Copyright © 1999 by Michael Segers, All rights reserved
Brought to you by Peanut.org
Note: 2002 - National Public Radio has concluded this series.
Most of these links, then, are no longer active.
The concluding words have become prophetic.
The Internet’s brightest, gaudiest neighborhood is the World Wide Web. The first time you step, cruise, or surf onto it, you realize that this is very much a graphic, visual way of interacting with your computer and the cyberspace behind it. In fact, the Web can be a problem for blind users for whom computers have been so liberating. So, it is a pleasure to report on some very special sounds my brother Mark—computer-nut and jazz musician—has called to my attention at:
http://www.npr.org/programs/lnfsound/onair
Beginning in January of this year (1999), National Public Radio began airing a yearlong series of special documentaries on the Friday editions of their afternoon news program, All Things Considered, called "Lost & Found Sound." Executive Producers, Davia Nelson & Nikki Silva (known as the Kitchen Sisters) with Jay Allison, are working with a wide range of individuals and institutions to let us listen to and celebrate the sounds of the people and technology of our century. So, where do sweaty thighs fit into all this?
Best of all, for our purposes, these programs are archived on the World Wide Web (at the above address) for your enlightenment and listening pleasure. So, if you are not near a radio on Friday afternoon or you want to share with someone a special jewel that you heard on the last commute of the week, here is your chance. To listen to these wonderful presentations, you will need the RealMedia® Player program. Most likely, this program was included with the pre-loaded software that came with your computer, but if not, you can download it for free.
At the introductory page of the "Lost & Found Sound" series (above), you’ll find a chronological listing of the series, which began, appropriately, with a two part feature on "The Rise and Fall and Fall and Rise of Thomas Alva Edison." After all, he was the one who made such collections of sound possible. There are also some programs that concentrate on the technology: "Dead Media" (ever listen to a dictabelt?), sound in the movies, Morse code, and answering machines. There are also features on various individual and institutional collections and archives of sound, ranging from special collections at Michigan State University to the 30,000 recordings a man has made of his New York City neighborhood.
Some of the most interesting programs in the series are those that give a personal insight (in-sound?) to historical events. A member of the audience at Lincoln’s Gettysburg Address recounts (in a 1938 recording) that great occasion, as it seemed to a nine-year-old boy. President Harry Truman is caught in a personal, almost intimate speech. Thomas Watson tells about receiving the world’s first telephone call—without benefit of Caller ID. A woman recounts being at LeBourget Field in 1927, when Charles Lindbergh landed there, and another records her feelings on V-E Day.
Then, there are the features which, like so many of these columns of mine, don’t fit into any easy classifications.
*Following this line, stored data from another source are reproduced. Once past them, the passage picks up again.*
(* There is no formula $A$ of $\mathbf{L_1}$ such that both $\vdash_H A$ and $\dashv_H A$.
   Context: Formulas of $\mathbf{L_1}$: built from atomic formulas $\epsilon ab$ ($a,b$ name variables, possibly equal) with primitive connectives $\vee,\sim$; $\wedge,\supset,\equiv$ defined as usual. Disjunctions may be associated in any way. $\vdash_H A$: $A$ belongs to the smallest set containing all instances of classical propositional tautologies and all formulas $\epsilon ab\supset\epsilon aa$, $(\epsilon ab\wedge\epsilon bc)\supset\epsilon ac$, $(\epsilon ab\wedge\epsilon bb)\supset\epsilon ba$, closed under modus ponens. Positive/negative parts (occurrences): $A$ is a positive part of $A$; if $B\vee C$ is a positive part then $B,C$ are positive parts; if $\sim B$ is a positive part then $B$ is a negative part; if $\sim B$ is a negative part then $B$ is a positive part. $F[B_+,B_-]$ denotes a formula in which some $B$ has one occurrence as positive part and another non-overlapping occurrence as negative part. Hintikka formula: a formula $H$ such that (1) $H$ is not of the form $F[B_+,B_-]$; (2) if $B\vee C$ is a negative part of $H$ then $B$ or $C$ is; (3) if $\epsilon ab$ is a negative part then so is $\epsilon aa$; (4) if $\epsilon ab,\epsilon bc$ are negative parts then so is $\epsilon ac$; (5) if $\epsilon ab,\epsilon bb$ are negative parts then so is $\epsilon ba$. $\mathbf{HAR}$: fix a name variable $a_0$; $\dashv_H$ is the smallest set such that $\dashv_H\epsilon a_0a_0$; $\dashv_H\sim\epsilon a_0a_0$; if $\vdash_H A\supset B$ and $\dashv_H B$ then $\dashv_H A$; if $\dashv_H A$ and $A$ is obtained from $B$ by uniform substitution of name variables for name variables then $\dashv_H B$; if $A$ is a Hintikka formula that is a disjunction of atomic or negated atomic formulas, $\dashv_H A$, and $\epsilon ab$ is not a negative part of $A$, then $\dashv_H A\vee\epsilon ab$. *)

(* Language L1 of Lesniewski's elementary ontology (Hilbert system H
   and its refutation system HAR). *)
From Stdlib Require Import List.
Import ListNotations.

Definition name := nat.

Inductive formula : Type :=
| Eps : name -> name -> formula
| Or  : formula -> formula -> formula
| Neg : formula -> formula.

Definition Imp (A B : formula) : formula := Or (Neg A) B.
Definition And (A B : formula) : formula := Neg (Or (Neg A) (Neg B)).
Definition Equiv (A B : formula) : formula := And (Imp A B) (Imp B A).

Inductive pformula : Type :=
| PVar : nat -> pformula
| POr  : pformula -> pformula -> pformula
| PNeg : pformula -> pformula.

Fixpoint peval (v : nat -> bool) (P : pformula) : bool :=
  match P with
  | PVar n => v n
  | POr P Q => orb (peval v P) (peval v Q)
  | PNeg P => negb (peval v P)
  end.

Definition ptautology (P : pformula) : Prop := forall v, peval v P = true.

Fixpoint psubst (s : nat -> formula) (P : pformula) : formula :=
  match P with
  | PVar n => s n
  | POr P Q => Or (psubst s P) (psubst s Q)
  | PNeg P => Neg (psubst s P)
  end.

Definition taut_instance (A : formula) : Prop :=
  exists (P : pformula) (s : nat -> formula), ptautology P /\ A = psubst s P.

Inductive provable : formula -> Prop :=
| pr_taut : forall A, taut_instance A -> provable A
| pr_ax1 : forall a b, provable (Imp (Eps a b) (Eps a a))
| pr_ax2 : forall a b c, provable (Imp (And (Eps a b) (Eps b c)) (Eps a c))
| pr_ax3 : forall a b, provable (Imp (And (Eps a b) (Eps b b)) (Eps b a))
| pr_mp : forall A B, provable (Imp A B) -> provable A -> provable B.

(* Occurrences of positive/negative parts.  [part A p pol B]: the subformula
   occurrence of A at path p (0 = left / only child, 1 = right child) is B and
   is a positive part (pol = true) or a negative part (pol = false). *)
Inductive part (A : formula) : list nat -> bool -> formula -> Prop :=
| part_root : part A [] true A
| part_or_l : forall p B C, part A p true (Or B C) -> part A (p ++ [0]) true B
| part_or_r : forall p B C, part A p true (Or B C) -> part A (p ++ [1]) true C
| part_neg_pos : forall p B, part A p true (Neg B) -> part A (p ++ [0]) false B
| part_neg_neg : forall p B, part A p false (Neg B) -> part A (p ++ [0]) true B.

Definition pos_part (A B : formula) : Prop := exists p, part A p true B.
Definition neg_part (A B : formula) : Prop := exists p, part A p false B.

Definition is_prefix (p q : list nat) : Prop := exists r, q = p ++ r.

(* A is of the form F[B+, B-]: some B has an occurrence as positive part and
   another non-overlapping occurrence as negative part *)
Definition has_pos_neg_pair (A : formula) : Prop :=
  exists B p q, part A p true B /\ part A q false B /\
    ~ is_prefix p q /\ ~ is_prefix q p.

Definition hintikka (H : formula) : Prop :=
  ~ has_pos_neg_pair H /\
  (forall B C, neg_part H (Or B C) -> neg_part H B \/ neg_part H C) /\
  (forall a b, neg_part H (Eps a b) -> neg_part H (Eps a a)) /\
  (forall a b c, neg_part H (Eps a b) -> neg_part H (Eps b c) ->
                 neg_part H (Eps a c)) /\
  (forall a b, neg_part H (Eps a b) -> neg_part H (Eps b b) ->
               neg_part H (Eps b a)).

Inductive lit_disj : formula -> Prop :=
| ld_atom : forall a b, lit_disj (Eps a b)
| ld_neg : forall a b, lit_disj (Neg (Eps a b))
| ld_or : forall A B, lit_disj A -> lit_disj B -> lit_disj (Or A B).

Fixpoint nsubst (f : name -> name) (A : formula) : formula :=
  match A with
  | Eps a b => Eps (f a) (f b)
  | Or A B => Or (nsubst f A) (nsubst f B)
  | Neg A => Neg (nsubst f A)
  end.

Inductive rejected (a0 : name) : formula -> Prop :=
| rj_ax1 : rejected a0 (Eps a0 a0)
| rj_ax2 : rejected a0 (Neg (Eps a0 a0))
| rj_mp : forall A B, provable (Imp A B) -> rejected a0 B -> rejected a0 A
| rj_subst : forall A B (f : name -> name),
    rejected a0 A -> A = nsubst f B -> rejected a0 B
| rj_hint : forall A a b,
    hintikka A -> lit_disj A -> rejected a0 A -> ~ neg_part A (Eps a b) ->
    rejected a0 (Or A (Eps a b)).

(* The proof is semantic.  An ε-model is a boolean relation [e] on name
   variables satisfying the three specific axioms of H (left reflexivity,
   transitivity, and "εab ∧ εbb ⊃ εba"); formulas are evaluated classically
   with εab read as [e a b].
   - Soundness: every H-provable formula is true in every ε-model.
   - Refutation soundness: every HAR-rejected formula is false in some
     ε-model.  The two axioms of HAR are falsified by the empty and the full
     relation; rejection by modus ponens and by name substitution transfer a
     countermodel (the latter by composing [e] with the substitution); for the
     Hintikka rule, the relation "εxy is a negative part of H" is an ε-model
     (conditions (3)-(5)) falsifying the literal disjunction H (condition (1)
     keeps positive atoms out of it) and the new disjunct εab.
   Condition (1) speaks about non-overlapping occurrences; to handle it we
   compute occurrences with a lookup function [locate] along a path, so that
   occurrences are unique and atomic occurrences have no proper extensions. *)
From Stdlib Require Import List Bool ClassicalDescription.
Import ListNotations.

Fixpoint eval (e : name -> name -> bool) (A : formula) : bool :=
  match A with
  | Eps a b => e a b
  | Or A B => eval e A || eval e B
  | Neg A => negb (eval e A)
  end.

Definition eps_model (e : name -> name -> bool) : Prop :=
  (forall a b, e a b = true -> e a a = true) /\
  (forall a b c, e a b = true -> e b c = true -> e a c = true) /\
  (forall a b, e a b = true -> e b b = true -> e b a = true).

Lemma eval_psubst e s P : eval e (psubst s P) = peval (fun n => eval e (s n)) P.
Proof. induction P; simpl; congruence. Qed.

Lemma eval_nsubst e f B : eval e (nsubst f B) = eval (fun x y => e (f x) (f y)) B.
Proof. induction B; simpl; congruence. Qed.

Lemma eps_model_rename e f : eps_model e -> eps_model (fun x y => e (f x) (f y)).
Proof. intros [m1 [m2 m3]]; repeat split; eauto. Qed.

Lemma provable_sound A : provable A -> forall e, eps_model e -> eval e A = true.
Proof.
  induction 1 as [A [P [s [HP ->]]]|a b|a b c|a b|A B _ IHimp _ IHA];
    intros e [m1 [m2 m3]]; simpl.
  - rewrite eval_psubst; apply HP.
  - specialize (m1 a b); destruct (e a b), (e a a); auto.
  - specialize (m2 a b c); destruct (e a b), (e b c), (e a c); auto.
  - specialize (m3 a b); destruct (e a b), (e b b), (e b a); auto.
  - assert (Himp := IHimp e (conj m1 (conj m2 m3))); simpl in Himp.
    now rewrite (IHA e (conj m1 (conj m2 m3))) in Himp.
Qed.

Fixpoint locate (A : formula) (pol : bool) (p : list nat) {struct p} :
  option (bool * formula) :=
  match p with
  | [] => Some (pol, A)
  | k :: p' =>
      match A, pol, k with
      | Or B _, true, 0 => locate B true p'
      | Or _ C, true, 1 => locate C true p'
      | Neg B, _, 0 => locate B (negb pol) p'
      | _, _, _ => None
      end
  end.

Lemma locate_app A pol p r :
  locate A pol (p ++ r) =
  match locate A pol p with Some (b, D) => locate D b r | None => None end.
Proof.
  revert A pol; induction p as [|k p IH]; intros A pol; [reflexivity|].
  destruct A, pol, k as [|[|k]]; simpl; auto.
Qed.

Lemma part_locate A p b B : part A p b B -> locate A true p = Some (b, B).
Proof. induction 1; [reflexivity|..]; rewrite locate_app, IHpart; reflexivity. Qed.

Lemma part_unique A p b B b' B' : part A p b B -> part A p b' B' -> b = b' /\ B = B'.
Proof.
  intros H H'; apply part_locate in H; apply part_locate in H'.
  rewrite H in H'; injection H'; auto.
Qed.

Lemma part_atom_leaf A p b x y q b' C :
  part A p b (Eps x y) -> part A q b' C -> is_prefix p q -> q = p.
Proof.
  intros Hp Hq [[|k r] ->]; [now rewrite app_nil_r|].
  apply part_locate in Hq; rewrite locate_app, (part_locate _ _ _ _ Hp) in Hq.
  discriminate.
Qed.

(* An atom occurring both positively and negatively yields a forbidden pair
   F[B+, B-]: the two occurrences cannot overlap. *)
Lemma atom_pos_neg_pair A p q x y :
  part A p true (Eps x y) -> part A q false (Eps x y) -> has_pos_neg_pair A.
Proof.
  intros Hp Hq; exists (Eps x y), p, q; repeat split; auto; intros Hpre.
  - rewrite (part_atom_leaf _ _ _ _ _ _ _ _ Hp Hq Hpre) in Hq.
    now destruct (part_unique _ _ _ _ _ _ Hp Hq).
  - rewrite (part_atom_leaf _ _ _ _ _ _ _ _ Hq Hp Hpre) in Hp.
    now destruct (part_unique _ _ _ _ _ _ Hp Hq).
Qed.

Lemma part_or_left B C p b X : part B p b X -> part (Or B C) (0 :: p) b X.
Proof.
  induction 1; rewrite ?app_comm_cons.
  - exact (part_or_l _ [] B C (part_root _)).
  - eapply part_or_l; eauto.
  - eapply part_or_r; eauto.
  - eapply part_neg_pos; eauto.
  - eapply part_neg_neg; eauto.
Qed.

Lemma part_or_right B C p b X : part C p b X -> part (Or B C) (1 :: p) b X.
Proof.
  induction 1; rewrite ?app_comm_cons.
  - exact (part_or_r _ [] B C (part_root _)).
  - eapply part_or_l; eauto.
  - eapply part_or_r; eauto.
  - eapply part_neg_pos; eauto.
  - eapply part_neg_neg; eauto.
Qed.

Lemma lit_disj_false e D : lit_disj D ->
  (forall p x y, part D p true (Eps x y) -> e x y = false) ->
  (forall p x y, part D p false (Eps x y) -> e x y = true) ->
  eval e D = false.
Proof.
  induction 1 as [a b|a b|A B _ IHA _ IHB]; intros Hpos Hneg; simpl.
  - exact (Hpos [] a b (part_root _)).
  - rewrite (Hneg [0] a b); [reflexivity|].
    exact (part_neg_pos _ [] _ (part_root _)).
  - rewrite IHA, IHB; auto; intros p x y Hp.
    + exact (Hpos _ _ _ (part_or_right _ _ _ _ _ Hp)).
    + exact (Hneg _ _ _ (part_or_right _ _ _ _ _ Hp)).
    + exact (Hpos _ _ _ (part_or_left _ _ _ _ _ Hp)).
    + exact (Hneg _ _ _ (part_or_left _ _ _ _ _ Hp)).
Qed.

Definition neg_atoms (H : formula) (x y : name) : bool :=
  if excluded_middle_informative (neg_part H (Eps x y)) then true else false.

Lemma neg_atoms_spec H x y : neg_atoms H x y = true <-> neg_part H (Eps x y).
Proof.
  unfold neg_atoms; destruct excluded_middle_informative; split; auto; discriminate.
Qed.

(* Conditions (3)-(5) say exactly that [neg_atoms H] is an ε-model. *)
Lemma neg_atoms_model H : hintikka H -> eps_model (neg_atoms H).
Proof.
  intros [_ [_ [h3 [h4 h5]]]];
    repeat split; intros; rewrite neg_atoms_spec in *; eauto.
Qed.

Lemma neg_atoms_falsify H : hintikka H -> lit_disj H -> eval (neg_atoms H) H = false.
Proof.
  intros [Hpair _] Hld; apply lit_disj_false; auto.
  - intros p x y Hp; apply not_true_iff_false; rewrite neg_atoms_spec.
    intros [q Hq]; exact (Hpair (atom_pos_neg_pair _ _ _ _ _ Hp Hq)).
  - intros p x y Hp; apply neg_atoms_spec; now exists p.
Qed.

Lemma rejected_refutable a0 A :
  rejected a0 A -> exists e, eps_model e /\ eval e A = false.
Proof.
  induction 1 as [| |A B Himp _ [e [Me Ee]]|A B f _ [e [Me Ee]] ->
                 |A a b Hhint Hld _ _ Hab].
  - exists (fun _ _ => false); repeat split; auto.
  - exists (fun _ _ => true); repeat split; auto.
  - exists e; split; auto.
    pose proof (provable_sound _ Himp e Me) as S; simpl in S.
    rewrite Ee, orb_false_r in S; now apply negb_true_iff.
  - exists (fun x y => e (f x) (f y)); split.
    + now apply eps_model_rename.
    + now rewrite <- eval_nsubst.
  - exists (neg_atoms A); split; [now apply neg_atoms_model|].
    simpl; rewrite neg_atoms_falsify by assumption; simpl.
    apply not_true_iff_false; rewrite neg_atoms_spec; exact Hab.
Qed.

Theorem theorem6p4 : forall (a0 : name) (A : formula),
  ~ (provable A /\ rejected a0 A).
Proof.
  intros a0 A [Hprov Hrej].
  destruct (rejected_refutable _ _ Hrej) as [e [Me Hfalse]].
  now rewrite (provable_sound _ Hprov e Me) in Hfalse.
Qed.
You can learn about and listen to "Carnival Talkers," not barkers, who add their distinctive voices to the sensory overload of the carnival. "Harmonica Lesson" is a bittersweet memoir of a grandfather, stimulated by an audio cassette. There are even some amusing recordings of Tennessee Williams and friends at play in a New Orleans arcade.
Three of these programs have become special favorites of mine, so much so that I have listened to each of them three times. "Extinct Tongues" is about some recordings from the 1930’s of languages that have become extinct. There is a sadness in listening to these voices of people, now dead, speaking languages that have also died. There is no one alive who speaks them.
"Meet the Beatles" is about "Lost & Found Sound" and then…. This wistful little tale of an adolescent fantasy fulfilled leaves the listener sadly unfulfilled. Dreams don’t last, and even with our best efforts—oh, my, I don’t want to give away the ending.
And, have you given up on finding those sweaty thighs? In "Cigar Stories," we have an auditory tour of the grand old traditions of grand old cigars, often made by women who sealed them with—you read it here—the sweat of their thighs. The focus of the story is the "lector." In the days before MTV, this reader kept the cigar-makers entertained with readings from great literature, current news, and the kind of revolutionary thought that the cigar-factory owners tried to suppress and that made the cigar factories of Florida’s Ybor City unlikely centers of learning and activism.
In the best spirit of the Internet as well as of National Public Radio, the producers of the series invite listeners to share favorite sounds and the stories that go with them. So, if you have a treasured sound recording stuck away, convinced that no one would but you would ever be interested in hearing it, why not let the good folks of National Public Radio and "Lost & Found Sound" hear about it at:
http://yourturn.npr.org/cgi-bin/WebX?13@^7226@.ee75049
Keep your feet and thighs dry, your heart full of noble thoughts, and your ears open for the heard melodies that are sweet, the unheard melodies that are sweeter.